[DATA RECORDS Boundary: Start]

(* Let $n\ge2$ and let $x_1,\dots,x_n,y_1,\dots,y_{n-1}$ be the distinct elements of $[2n-1]$. Let $u$ be the tableau of shape $2^{n-1}1$ with first column $x_1,\dots,x_n$ and second column $y_1,\dots,y_{n-1}$, and for $i\in[n]$ let $s_i$ be the tableau of shape $2^{n-1}1$ with first column $y_1,\dots,y_{n-1},x_i$ and second column $x_1,\dots,\widehat{x_i},\dots,x_n$ (top to bottom). Then in $S^{2^{n-1}1}$, \[\varepsilon_u=\sum_{i=1}^n(-1)^{n-i}\varepsilon_{s_i}.\] Consequently $\tilde\Psi\circ\varphi=0$ on $V_{n,3}$.
   Context: For a tableau $t$ (filling of a Young diagram using each element of $[N]$ once) with column stabilizer $C_t$, $\{t\}$ is its row tabloid and $\varepsilon_t=\sum_{\beta\in C_t}\operatorname{sgn}(\beta)\{\beta t\}$; $S^\lambda$ is the Specht module spanned by the $\varepsilon_t$. $V_{n,3}$ is the $\mathbb C$-span of left-comb brackets $[[x_1,\dots,x_n],y_1,\dots,y_{n-1}]$ with $\{x_i\}\cup\{y_j\}=[2n-1]$, modulo antisymmetry in the $x$'s and separately in the $y$'s. $\varphi:V_{n,3}\to V_{n,3}$ is $\varphi([[x_1,\dots,x_n],y_1,\dots,y_{n-1}])=[[x_1,\dots,x_n],y_1,\dots,y_{n-1}]-\sum_{i=1}^n(-1)^{n-i}[[y_1,\dots,y_{n-1},x_i],x_1,\dots,\widehat{x_i},\dots,x_n]$, and $\tilde\Psi:V_{n,3}\to S^{2^{n-1}1}$ sends $[[x_1,\dots,x_n],y_1,\dots,y_{n-1}]$ to $\varepsilon_t$, $t$ the tableau with first column the $x$'s and second column the $y$'s. *)

From HB Require Import structures.
From mathcomp Require Import all_boot all_order all_algebra all_fingroup.
Set Implicit Arguments. Unset Strict Implicit. Unset Printing Implicit Defensive.
Import GRing.Theory.
Local Open Scope ring_scope.

(* A tableau with entries in [N] = 'I_N, given as the list of its rows
   (top to bottom), each row listed left to right. *)
Definition tableau (N : nat) := seq (seq 'I_N).

Definition row_of N (t : tableau N) (x : 'I_N) : nat := find (fun r => x \in r) t.
Definition col_of N (t : tableau N) (x : 'I_N) : nat :=
  index x (nth [::] t (row_of t x)).

(* Row tabloids {t}: a tabloid is determined by the row in which each entry lies.
   We encode it as the function entry |-> row index (rows are < N+1 for tableaux
   of size N). *)
Definition tabloid N := {ffun 'I_N -> 'I_N.+1}.
Definition tabloid_of N (t : tableau N) : tabloid N :=
  [ffun x => inord (row_of t x)].

Definition act_tab N (beta : {perm 'I_N}) (t : tableau N) : tableau N :=
  map (map beta) t.

Definition col_stab N (t : tableau N) : {set {perm 'I_N}} :=
  [set beta : {perm 'I_N} | [forall x, col_of t (beta x) == col_of t x]].

(* Elements of the permutation module M^lambda (formal R-linear combinations of
   tabloids) are represented by their coefficient functions. *)
Definition tabloid_module (R : nzRingType) N := {ffun tabloid N -> R}.

Definition polytabloid (R : nzRingType) N (t : tableau N) : tabloid_module R N :=
  [ffun T => \sum_(beta in col_stab t)
                (-1) ^+ (odd_perm beta) * (T == tabloid_of (act_tab beta t))%:R].

(* The tableau of shape 2^(size c2) 1^(size c1 - size c2) with first column c1
   and second column c2 (each listed top to bottom), assuming size c2 <= size c1. *)
Definition tab_of_cols N (c1 c2 : seq 'I_N) : tableau N :=
  [seq [:: p.1; p.2] | p <- zip c1 c2] ++ [seq [:: a] | a <- drop (size c2) c1].

From HB Require Import structures.
From mathcomp Require Import all_boot all_order all_algebra all_fingroup.
From mathcomp Require Import zify ring.
Set Implicit Arguments. Unset Strict Implicit. Unset Printing Implicit Defensive.
Import GRing.Theory.
Local Open Scope ring_scope.

(** Over the integers, [eps_t] evaluated at a tabloid [T] is a determinant:
   [sum_beta sgn beta * prod_w [col (beta w) = col w] * [T (beta w) = row w]],
   whose terms vanish unless [beta] lies in [C_t] and [T = {beta t}].  For a
   two-column tableau, listing the entries first column first makes this matrix
   block diagonal, so [eps_t T = det P * det Q], where [P] and [Q] record the
   rows that [T] assigns to the entries of the first and second column.  The
   relation [eps_u = sum_i (-1)^(n-i) eps_(s_i)] thus becomes Sylvester's
   exchange identity [det P * det Q = sum_i +- det [Q | p_i] * det (P - p_i)],
   obtained by expanding [det P * det [Q | e_n]] through the adjugate of [P]. *)

Lemma prodr_nat_bool (R : comPzSemiRingType) (I : finType) (P : pred I) :
  \prod_(i : I) (P i)%:R = [forall i, P i]%:R :> R.
Proof.
have [/forallP P_all | /forallPn [i not_Pi]] := boolP [forall i, P i].
  by rewrite big1 // => i _; rewrite P_all.
by rewrite (bigD1 i) //= (negbTE not_Pi) mul0r.
Qed.

Lemma det_conj_inj (R : comNzRingType) n N (nN : n = N) (f : 'I_n -> 'I_N)
    (f_inj : injective f) (A : 'M[R]_N) :
  \det (\matrix_(i, j) A (f i) (f j)) = \det A.
Proof.
case: N / nN in f f_inj A *.
have -> : \matrix_(i, j) A (f i) (f j) = row_perm (perm f_inj) (col_perm (perm f_inj) A).
  by apply/matrixP => i j; rewrite !mxE !permE.
rewrite row_permE col_permE !det_mulmx !det_perm odd_permV.
by rewrite mulrCA -signr_addb addbb mulr1.
Qed.

Lemma row_of_act N (t : tableau N) (beta : {perm 'I_N}) (v : 'I_N) :
  row_of (act_tab beta t) (beta v) = row_of t v.
Proof.
rewrite /row_of /act_tab find_map; apply: eq_find => r /=.
by rewrite mem_map //; apply: perm_inj.
Qed.

Lemma polytabloid_intr (R : nzRingType) N (t : tableau N) (T : tabloid N) :
  polytabloid R t T = (polytabloid int t T)%:~R.
Proof.
rewrite /polytabloid !ffunE rmorph_sum; apply: eq_bigr => beta _.
by rewrite rmorphM rmorph_sign rmorph_nat.
Qed.

Definition polytabloid_mx N (t : tableau N) (T : tabloid N) : 'M[int]_N :=
  \matrix_(w, v) ((col_of t v == col_of t w)%:R * (T v == inord (row_of t w))%:R).

Lemma polytabloid_det N (t : tableau N) (T : tabloid N) :
  polytabloid int t T = \det (polytabloid_mx t T).
Proof.
rewrite /polytabloid ffunE /determinant big_mkcond /=; apply: eq_bigr => beta _.
have -> : \prod_w polytabloid_mx t T w (beta w) =
    [forall w, col_of t (beta w) == col_of t w]%:R *
    [forall w, T (beta w) == inord (row_of t w)]%:R.
  by rewrite -!prodr_nat_bool -big_split; apply: eq_bigr => w _; rewrite mxE.
have -> : (T == tabloid_of (act_tab beta t)) =
    [forall w, T (beta w) == inord (row_of t w)].
  apply/eqP/forallP => [-> w | T_beta].
    by rewrite /tabloid_of ffunE row_of_act.
  apply/ffunP => v; rewrite /tabloid_of ffunE -{2}(permKV beta v) row_of_act.
  by apply/eqP; rewrite -{1}(permKV beta v) T_beta.
by rewrite inE; case: ifP => _; rewrite ?mul1r // mul0r mulr0.
Qed.

Section TwoColumns.

Variables (N n m : nat) (m_le_n : (m <= n)%N).
Variables (a : 'I_n -> 'I_N) (b : 'I_m -> 'I_N).
Hypotheses (a_inj : injective a) (b_inj : injective b) (ab_neq : forall i j, a i != b j).

Definition two_cols_row (k : 'I_n) : seq 'I_N :=
  a k :: (if insub (val k) is Some k' then [:: b k'] else [::]).

Lemma tab_of_cols_rows :
  tab_of_cols (map a (enum 'I_n)) (map b (enum 'I_m)) = map two_cols_row (enum 'I_n).
Proof.
have size_a : size (map a (enum 'I_n)) = n by rewrite size_map size_enum_ord.
have size_b : size (map b (enum 'I_m)) = m by rewrite size_map size_enum_ord.
rewrite /tab_of_cols; apply: (@eq_from_nth _ [::]).
  by rewrite size_cat !size_map size_zip size_drop -!enumT !size_enum_ord; lia.
rewrite size_b size_cat !size_map size_zip size_drop size_a size_b => k lt_k.
have lt_kn : (k < n)%N by lia.
pose k_n := Ordinal lt_kn.
have nth_k : nth k_n (enum 'I_n) k = k_n := nth_ord_enum k_n k_n.
rewrite (nth_map k_n) ?size_enum_ord // nth_k nth_cat !size_map size_zip.
rewrite size_a size_b /two_cols_row /=; case: ifP => lt_km.
  have lt_km' : (k < m)%N by lia.
  pose k_m := Ordinal lt_km'.
  have nth_k' : nth k_m (enum 'I_m) k = k_m := nth_ord_enum k_m k_m.
  rewrite (nth_map (a k_n, a k_n)) ?size_zip ?size_a ?size_b //.
  rewrite nth_zip_cond size_zip size_a size_b lt_km /=.
  by rewrite (nth_map k_n) ?(nth_map k_m) -?enumT ?size_enum_ord // nth_k nth_k' insubT.
rewrite (nth_map (a k_n)) ?size_drop ?size_a; last by lia.
rewrite nth_drop (nth_map k_n) ?size_enum_ord; last by lia.
have -> : (m + (k - minn n m))%N = k by lia.
by rewrite nth_k insubN //=; lia.
Qed.

Let t := tab_of_cols (map a (enum 'I_n)) (map b (enum 'I_m)).

Lemma mem_two_cols_row_a k j : (a k \in two_cols_row j) = (j == k).
Proof.
rewrite /two_cols_row in_cons (inj_eq a_inj) eq_sym.
by case: insub => [k'|] /=; rewrite ?mem_seq1 ?in_nil ?(negbTE (ab_neq _ _)) ?orbF.
Qed.

Lemma mem_two_cols_row_b k j : (b k \in two_cols_row j) = (val j == val k).
Proof.
rewrite /two_cols_row in_cons eq_sym (negbTE (ab_neq _ _)) /=.
case: insubP => [k' _ <- | j_ge_m] /=; first by rewrite mem_seq1 (inj_eq b_inj) eq_sym.
by apply/esym/negbTE; apply: contra j_ge_m => /eqP ->.
Qed.

Lemma row_of_a k : row_of t (a k) = k.
Proof.
rewrite /row_of /t tab_of_cols_rows find_map.
rewrite (@eq_find _ _ (pred1 k)) => [|j]; last by rewrite /= mem_two_cols_row_a.
exact: index_enum_ord.
Qed.

Lemma row_of_b k : row_of t (b k) = k.
Proof.
rewrite /row_of /t tab_of_cols_rows find_map.
rewrite (@eq_find _ _ (pred1 (widen_ord m_le_n k))) => [|j].
  exact: index_enum_ord.
by rewrite /= mem_two_cols_row_b.
Qed.

Lemma col_of_a k : col_of t (a k) = 0%N.
Proof.
by rewrite /col_of row_of_a /t tab_of_cols_rows (nth_map k) ?size_enum_ord ?nth_ord_enum
  /= ?eqxx.
Qed.

Lemma col_of_b k : col_of t (b k) = 1%N.
Proof.
have lt_kn : (k < n)%N := leq_trans (ltn_ord k) m_le_n.
rewrite /col_of row_of_b /t tab_of_cols_rows (nth_map (widen_ord m_le_n k)) ?size_enum_ord //.
rewrite -[nat_of_ord k]/(nat_of_ord (widen_ord m_le_n k)) nth_ord_enum.
by rewrite /two_cols_row /= valK /= (negbTE (ab_neq _ _)) eqxx.
Qed.

Hypothesis nmN : (n + m)%N = N.

Definition two_cols_entry (i : 'I_(n + m)) : 'I_N :=
  match split i with inl k => a k | inr k => b k end.

Lemma two_cols_entry_inj : injective two_cols_entry.
Proof.
move=> i j; rewrite -[i]splitK -[j]splitK /two_cols_entry !unsplitK.
case: (split i) => i'; case: (split j) => j' /= eq_ij.
- by rewrite (a_inj eq_ij).
- by move: (ab_neq i' j'); rewrite eq_ij eqxx.
- by move: (ab_neq j' i'); rewrite eq_ij eqxx.
- by rewrite (b_inj eq_ij).
Qed.

Lemma polytabloid_two_cols (T : tabloid N) :
  polytabloid int t T =
  \det (\matrix_(r, j < n) ((T (a j) == inord r)%:R : int)) *
  \det (\matrix_(r, j < m) ((T (b j) == inord r)%:R : int)).
Proof.
rewrite polytabloid_det -(det_conj_inj nmN two_cols_entry_inj) -(det_ublock _ 0).
congr (\det _); apply/matrixP => i j; rewrite mxE /two_cols_entry mxE.
rewrite -[i]splitK -[j]splitK !unsplitK.
case: (split i) => i'; case: (split j) => j';
  rewrite ?block_mxEul ?block_mxEur ?block_mxEdl ?block_mxEdr !mxE
    ?col_of_a ?col_of_b ?row_of_a ?row_of_b ?eqxx ?mul1r ?mul0r //.
Qed.

End TwoColumns.

Lemma sylvester_det_exchange (R : comNzRingType) m
    (p : 'I_m.+1 -> nat -> R) (q : 'I_m -> nat -> R) :
  \det (\matrix_(r, j < m.+1) p j r) * \det (\matrix_(r, j < m) q j r) =
  \sum_(i < m.+1) (-1) ^+ (m.+1 - i.+1) *
    (\det (\matrix_(r, j < m.+1) (if unlift ord_max j is Some k then q k r else p i r)) *
     \det (\matrix_(r, j < m) p (lift i j) r)).
Proof.
set P := \matrix_(r, j < m.+1) p j r.
pose Q0 := \matrix_(r, j < m.+1) (if unlift ord_max j is Some k then q k r else 0 : R).
pose kappa r := cofactor Q0 r ord_max.
have det_Q_col i :
    \det (\matrix_(r, j < m.+1) (if unlift ord_max j is Some k then q k r else p i r))
    = \sum_(r < m.+1) p i r * kappa r.
  rewrite (expand_det_col _ ord_max); apply: eq_bigr => r _.
  rewrite mxE unlift_none /kappa /cofactor; congr (_ * (_ * \det _)).
  by apply/matrixP => r' j'; rewrite !mxE liftK.
have det_Q : \det (\matrix_(r, j < m) q j r) = kappa ord_max.
  rewrite /kappa /cofactor -signr_odd addnn odd_double mul1r.
  by congr (\det _); apply/matrixP => r j; rewrite !mxE liftK lift_max.
have cofactor_P i :
    cofactor P ord_max i = (-1) ^+ (m + i) * \det (\matrix_(r, j < m) p (lift i j) r).
  by rewrite /cofactor; congr (_ * \det _); apply/matrixP => r j; rewrite !mxE lift_max.
(* [kappa] is the linear form [v |-> det [Q | v]]; apply it to the last column
   of [P *m \adj P = (det P)%:M]. *)
have expand : \det P * kappa ord_max =
    \sum_i (\sum_(r < m.+1) p i r * kappa r) * cofactor P ord_max i.
  transitivity (\sum_(r < m.+1) kappa r * (P *m \adj P) r ord_max).
    rewrite mul_mx_adj (bigD1 ord_max) //= big1 => [|r r_neq]; last first.
      by rewrite mxE (negbTE r_neq) mulr0n mulr0.
    by rewrite mxE eqxx mulr1n addr0 mulrC.
  under [RHS]eq_bigr do rewrite mulr_suml.
  rewrite exchange_big; apply: eq_bigr => r _.
  rewrite mxE mulr_sumr; apply: eq_bigr => i _; rewrite !mxE; ring.
rewrite det_Q expand; apply: eq_bigr => i _.
rewrite det_Q_col cofactor_P mulrA mulrA [_ * (-1) ^+ _]mulrC; congr (_ * _ * _).
rewrite subSS -signr_odd -[in RHS]signr_odd oddB ?oddD //.
by rewrite -ltnS ltn_ord.
Qed.

Lemma filter_enum_ord_neq m (i : 'I_m.+1) :
  [seq j <- enum 'I_m.+1 | j != i] = map (lift i) (enum 'I_m).
Proof.
have ltn_trans' : transitive (fun u v : 'I_m.+1 => (u < v)%N).
  by move=> ? ? ?; apply: ltn_trans.
have enum_sorted k : sorted (fun u v : 'I_k => (u < v)%N) (enum 'I_k).
  by have := iota_ltn_sorted 0 k; rewrite -val_enum_ord sorted_map.
apply: (irr_sorted_eq ltn_trans') => [u | | | z].
- by rewrite /= ltnn.
- by apply: sorted_filter; [apply: ltn_trans' | apply: enum_sorted].
- rewrite sorted_map; apply: sub_sorted (enum_sorted m) => u v /=.
  by rewrite /bump; case: leqP => ?; case: leqP => ?; lia.
- rewrite mem_filter mem_enum andbT.
  case: (unliftP i z) => [k -> | ->].
    by rewrite eq_sym neq_lift mem_map ?mem_enum //; apply: lift_inj.
  rewrite eqxx; apply/esym/mapP => [[k _ i_lift]].
  by move: (neq_lift i k); rewrite -i_lift eqxx.
Qed.

Lemma rcons_map_enum_ord (T : Type) m (f : 'I_m -> T) (z : T) :
  rcons (map f (enum 'I_m)) z =
  map (fun j : 'I_m.+1 => if unlift ord_max j is Some k then f k else z) (enum 'I_m.+1).
Proof.
rewrite enum_ordSr map_rcons -map_comp unlift_none; congr rcons; apply: eq_map => k /=.
have -> : widen_ord (leqnSn m) k = lift ord_max k by apply: ord_inj; rewrite lift_max.
by rewrite liftK.
Qed.

Theorem mainTheorem10 (R : nzRingType) (n : nat) (n_ge2 : (2 <= n)%N)
    (x : 'I_n -> 'I_(2 * n).-1) (y : 'I_n.-1 -> 'I_(2 * n).-1)
    (x_inj : injective x) (y_inj : injective y)
    (xy_disj : forall i j, x i != y j) :
  let u := tab_of_cols [seq x i | i <- enum 'I_n] [seq y j | j <- enum 'I_n.-1] in
  let s := fun i : 'I_n =>
    tab_of_cols (rcons [seq y j | j <- enum 'I_n.-1] (x i))
                [seq x j | j <- enum 'I_n & j != i] in
  polytabloid R u =
  [ffun T => \sum_(i < n) (-1) ^+ (n - i.+1) * polytabloid R (s i) T].
Proof.
case: n => [|m] in n_ge2 x y x_inj y_inj xy_disj * => // u s.
apply/ffunP => T; rewrite polytabloid_intr [RHS]ffunE.
have size_N : (m.+1 + m)%N = (2 * m.+1).-1 by lia.
pose c i (j : 'I_m.+1) := if unlift ord_max j is Some k then y k else x i.
have c_inj i : injective (c i).
  move=> j1 j2; rewrite /c.
  case: (unliftP ord_max j1) => [k1 ->|->]; case: (unliftP ord_max j2) => [k2 ->|->];
    rewrite ?liftK ?unlift_none => eq_c //; first by rewrite (y_inj _ _ eq_c).
    by move: (xy_disj i k1); rewrite eq_c eqxx.
  by move: (xy_disj i k2); rewrite eq_c eqxx.
have xlift_inj i : injective (x \o lift i) by move=> j1 j2 /x_inj /lift_inj.
have c_neq_xlift i j k : c i j != (x \o lift i) k.
  rewrite /c /=; case: unlift => [k'|]; first by rewrite eq_sym xy_disj.
  by rewrite (inj_eq x_inj) neq_lift.
have s_cols i : s i = tab_of_cols (map (c i) (enum 'I_m.+1)) (map (x \o lift i) (enum 'I_m)).
  by rewrite /s rcons_map_enum_ord filter_enum_ord_neq -map_comp.
rewrite /u (polytabloid_two_cols (leqnSn m) x_inj y_inj xy_disj size_N).
rewrite (sylvester_det_exchange (fun j r => (T (x j) == inord r)%:R)
  (fun j r => (T (y j) == inord r)%:R)) rmorph_sum.
apply: eq_bigr => i _; rewrite polytabloid_intr rmorphM rmorph_sign; congr (_ * _%:~R).
rewrite s_cols (polytabloid_two_cols (leqnSn m) (c_inj i) (xlift_inj i) (c_neq_xlift i) size_N).
by congr (\det _ * _); apply/matrixP => r j; rewrite !mxE /c; case: unlift.
Qed.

[DATA RECORDS Boundary: End]

> TASK: Your answer should consist of the lines from the line with "case: (unliftP ord_max j1)" to the line with "(fun j r => (T (y" above, repeated exactly, both ends included.

> EXPECTED OUTPUT:
  case: (unliftP ord_max j1) => [k1 ->|->]; case: (unliftP ord_max j2) => [k2 ->|->];
    rewrite ?liftK ?unlift_none => eq_c //; first by rewrite (y_inj _ _ eq_c).
    by move: (xy_disj i k1); rewrite eq_c eqxx.
  by move: (xy_disj i k2); rewrite eq_c eqxx.
have xlift_inj i : injective (x \o lift i) by move=> j1 j2 /x_inj /lift_inj.
have c_neq_xlift i j k : c i j != (x \o lift i) k.
  rewrite /c /=; case: unlift => [k'|]; first by rewrite eq_sym xy_disj.
  by rewrite (inj_eq x_inj) neq_lift.
have s_cols i : s i = tab_of_cols (map (c i) (enum 'I_m.+1)) (map (x \o lift i) (enum 'I_m)).
  by rewrite /s rcons_map_enum_ord filter_enum_ord_neq -map_comp.
rewrite /u (polytabloid_two_cols (leqnSn m) x_inj y_inj xy_disj size_N).
rewrite (sylvester_det_exchange (fun j r => (T (x j) == inord r)%:R)
  (fun j r => (T (y j) == inord r)%:R)) rmorph_sum.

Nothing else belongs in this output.